Ambassador of Bangladesh to Bahrain
- Incumbent
- Assumed office 18 February 2025
- Preceded by: Md. Nazrul Islam

= Md Rais Hasan Sarower =

Md Rais Hasan Sarower is a Bangladeshi diplomat and ambassador of Bangladesh to Bahrain. He was the Director General of the Regional Organizations Wing at the Ministry of Foreign Affairs. He is a former chair of the board of governors of the Asia-Europe Foundation.

==Career==
Sarower joined the foreign service in 2001.

Sarower, as Charge d’ Affaires of the Embassy of Bangladesh in Malaysia, received the body of Arafat Rahman Koko, son of former Prime Minister Khaleda Zia, in January 2015 and quickly cleared the body for return to Bangladesh. He was the deputy chief of Bangladesh Embassy in Turkey.

Sarower is the vice-chair of the board of governors of the Asia-Europe Foundation. He was the Director General of the Regional Organizations Wing at the Ministry of Foreign Affairs.
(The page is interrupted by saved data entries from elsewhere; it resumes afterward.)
Lemma mxpow_gt0_path k a b : 0 < (M ^+ k) a b ->
  exists c : seq 'I_N, [/\ size c = k, last a c = b & 0 < trans_prod M a c].
Proof.
elim: k a b => [|k IH] a b.
  rewrite expr0 mxE; case: eqP => [->|]; last by rewrite ltxx.
  by exists [::]; rewrite /= ltr01.
rewrite exprSr -mulmxE mxE => sum_gt0.
have [c /andP[_]] : exists c, true && (0 < (M ^+ k) a c * M c b).
  by apply: psumr_neq0P => [c _|]; [rewrite mulr_ge0 ?mxpow_ge0 | apply/eqP/lt0r_neq0].
move=> /(pmulr_gt0_factors (mxpow_ge0 _ _ _) (M_ge0 _ _)) [/IH [c' [<- <- pc']] Mcb].
by exists (rcons c' b); rewrite size_rcons last_rcons trans_prod_rcons mulr_gt0.
Qed.

End NonnegMatrix.
Section Superadditive.
Variables (R : realType) (w : nat -> R).
Hypothesis w_ge0 : forall m, 0 <= w m.
Hypothesis w_superadd : forall m k, w m + w k <= w (m.+1 + k).

Lemma superadd_iter n0 q t : q%:R * w n0 <= w (q * n0.+1 + t).
Proof.
elim: q t => [|q IH] t; first by rewrite mul0r w_ge0.
rewrite mulSn -addnA; apply: le_trans (w_superadd _ _).
by rewrite -[q.+1]add1n natrD mulrDl mul1r lerD2l IH.
Qed.

Lemma superadd_lower n0 m : ((m.+1)%:R / (n0.+1)%:R - 1) * w n0 <= w m.
Proof.
rewrite [in w m](divn_eq m n0.+1); apply: le_trans (superadd_iter _ _ _).
rewrite ler_wpM2r // lerBlDr ler_pdivrMr // natr1 -natrM ler_nat.
rewrite mulSn addnC {1}(divn_eq m n0.+1) -addnS leq_add2l.
exact: ltn_pmod.
Qed.

Definition growth_rate : R := sup (range (fun k => w k / k.+1%:R)).

Variable b : R.
Hypothesis ratio_le : forall k, w k / k.+1%:R <= b.

Let ratio_has_sup : has_sup (range (fun k => w k / k.+1%:R)).
Proof. by split; [exists (w 0%N / 1%:R), 0%N | exists b => _ [k _ <-]]. Qed.

Lemma ratio_le_growth_rate k : w k / k.+1%:R <= growth_rate.
Proof. by apply: ub_le_sup; [case: ratio_has_sup | exists k]. Qed.

Lemma growth_rate_le : growth_rate <= b.
Proof. by apply: ge_sup; [case: ratio_has_sup | move=> _ [k _ <-]]. Qed.

(* Fekete's lemma, for sequences at bounded distance from [w]. *)
Lemma cvg_perturbed_superadd (a : nat -> R) (kappa : R) :
  (forall m, `|a m - w m| <= kappa) ->
  (fun m => a m / m%:R) @ \oo --> growth_rate.
Proof.
move=> a_near; apply/cvgrPdist_le => eps eps0.
have [_ [n0 _ <-] rate_lt] := sup_adherent (divr_gt0 eps0 (ltr0Sn _ 1)) ratio_has_sup.
set r := growth_rate in rate_lt *; set al := w n0 / _ in rate_lt.
have al0 : 0 <= al by rewrite divr_ge0.
near=> m.
have M0 : 0 < m%:R :> R by near: m; exact: nbhs_infty_gtr.
have Mup : r + kappa < eps * m%:R.
  by rewrite mulrC -ltr_pdivrMr //; near: m; exact: nbhs_infty_gtr.
have Mlow : w n0 + kappa <= eps / 2 * m%:R.
  by rewrite mulrC -ler_pdivrMr ?divr_gt0 //; near: m; exact: nbhs_infty_ger.
set M := m%:R in M0 Mup Mlow *.
have /andP[amw wam] : - kappa <= a m - w m <= kappa by rewrite -ler_norml.
have wm_up : w m <= r * (M + 1).
  by have := ratio_le_growth_rate m; rewrite ler_pdivrMr ?ltr0n // -natr1.
have wm_low : (M + 1) * al - w n0 <= w m.
  by have := superadd_lower n0 m; rewrite mulrBl mul1r mulrAC -mulrA natr1.
have Mal : M * (r - eps / 2) <= M * al by rewrite ler_wpM2l ?ltW // ltrBlDr -ltrBlDl.
have am : a m = a m / M * M by rewrite divfK // lt0r_neq0.
set y := a m / M in am *.
rewrite ler_norml; apply/andP; split; rewrite -(ler_pM2r M0); lra.
Unshelve. all: end_near.
Qed.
He attended the 31st Association of South East Asian Nations Regional Forum senior officials' meeting in Vientiane, Laos where he reiterated the foreign policy Bangladesh established by Sheikh Mujibur Rahman, "friendship to all, malice towards none,".

In February 2025, Sarower presented his accreditation to King of Bahrain Hamad bin Isa Al Khalifa. He conveyed a special message from Muhammad Yunus, head of the interim government of Bangladesh.

== Personal life ==
Sarower is married to Dilruba Akhter.